Stylist Magazine: The Secret to Success
Stylist is a free, hand-distributed fashion and beauty magazine in Paris and nine other French cities. Each week an astonishing number of copies are shared throughout these cities-- over 400,000- meaning over 1.6 million copies are distributed per month. Vogue Paris only distributes around 150,000.
Stylist's 60 page spread features the ads of distinguished brands and stores, articles on both high fashion and affordable labels, and editorials by luxury-level photographers. Sure the magazine is free, but the magazine's director Gwenaelle Thebault states, “Free is not cheap. We use young photographers who work for the luxury fashion magazines and top models. We had to start out at a very high level or it wouldn’t have worked. People would have thought it was trash because it was given out for free in the Métro.”
And after generating around $15 million in 2014, it appears that both readers and advertisers see that this is not a "cheap" publication. Stylist's syndicate director, Pascale Marie, tells the NYT that, “For consumers, the boundaries between free and paying don’t exist.” Stylist manages to unify the accessibility of free online media, the tactile pleasure of reading a magazine, and the actual receiving of it from a human being.
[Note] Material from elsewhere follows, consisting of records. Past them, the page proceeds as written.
(* Let $W$ be a weak $V$-module, $z$ a nonzero complex number and $\alpha\in W^*$. The following are equivalent: (a) $\alpha\in\mathcal D_{P(z)}(W)$; (b) for each $v\in V$ there exist $l,k\in\mathbb N$ such that for every $w\in W$, $x^l(x-z)^k\langle\alpha,Y^o(v,x)w\rangle$ is a polynomial in $x$; (c) for each $v\in V$ there exist $l,k\in\mathbb N$ such that $x^l(x-z)^kY^*(v,x)\alpha\in W^*[[x]]$; (d) for each $v\in V$ there exists $k\in\mathbb N$ such that $(x-z)^kY^*(v,x)\alpha\in W^*((x))$.
   Context: $V$ is a vertex operator algebra with vacuum $\mathbf 1$, Virasoro element $\omega$, $Y(\omega,x)=\sum_{n}L(n)x^{-n-2}$, and $V=\coprod_{n\in\mathbb Z}V_{(n)}$ graded by $L(0)$-eigenvalues. The formal delta function is $\delta(x)=\sum_{n\in\mathbb Z}x^n$; binomial expressions $(x_1-x_2)^n$ are expanded in nonnegative powers of the second variable. A weak $V$-module is a vector space $W$ with a linear map $Y_W:V\to(\mathrm{End}\,W)[[x,x^{-1}]]$ such that $Y_W(v,x)w\in W((x))$, $Y_W(\mathbf 1,x)=\mathrm{id}_W$, and the Jacobi identity $x_0^{-1}\delta(\frac{x_1-x_2}{x_0})Y_W(u,x_1)Y_W(v,x_2)-x_0^{-1}\delta(\frac{x_2-x_1}{-x_0})Y_W(v,x_2)Y_W(u,x_1)=x_2^{-1}\delta(\frac{x_1-x_0}{x_2})Y_W(Y(u,x_0)v,x_2)$ holds. For $v\in V$ set $Y^o(v,x)=Y_W(e^{xL(1)}(-x^{-2})^{L(0)}v,x^{-1})$; then $Y^o(v,x)w\in W((x^{-1}))$. For $\alpha\in W^*$ define $Y^*(v,x)\alpha=\sum_{n\in\mathbb Z}v^*_n\alpha\,x^{-n-1}\in W^*[[x,x^{-1}]]$ by $\langle Y^*(v,x)\alpha,w\rangle=\langle\alpha,Y^o(v,x)w\rangle$ for $w\in W$. For a nonzero complex number $z$, $\alpha\in W^*$ is a $P(z)$-linear functional if for all $v\in V,w\in W$ the series $\langle\alpha,Y^o(v,x)w\rangle$ converges absolutely in $|x|>|z|$ to a rational function in $\mathbb C[x,x^{-1},(x-z)^{-1}]$, and for each fixed $v$ the orders of the poles at $0$ and at $z$ of these rational functions are bounded independently of $w$. $\mathcal D_{P(z)}(W)$ is the space of $P(z)$-linear functionals on $W$. *)

From HB Require Import structures.
From mathcomp Require Import all_boot all_order all_algebra.
From mathcomp Require Import complex.
From mathcomp Require Import boolp classical_sets fsbigop reals.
And, by doing so, Stylist reaches their specified audience directly and without any effort for the reader. Thinking from an advertiser's perspective, printing in Stylist is an obvious decision-- their campaigns and spreads are falling so gracefully into the hands of the targeted reader.
Stylist is partnered with Marie Claire Group and ShortList Media, and they plan to launch in a new country each year. New York City will experience the effects of this decision starting the first week of April, when over 100,000 copies of TrendingNY, a Hearst publication, will be distributed throughout several NY cities. Last fall Hearst marketed a 4-issue pilot magazine, and according to Michael Clinton, its president marketing and publishing director, “The numbers we saw were off the charts.”
In our modern civilization where even printed material feels outdated, hand-distribution seems ancient and, to some, quite useless. But seeing the success of both Stylist and Heart's test-run of TrendingNY, moving back to the basics may just be the trick to maintaining a stable magazine publication.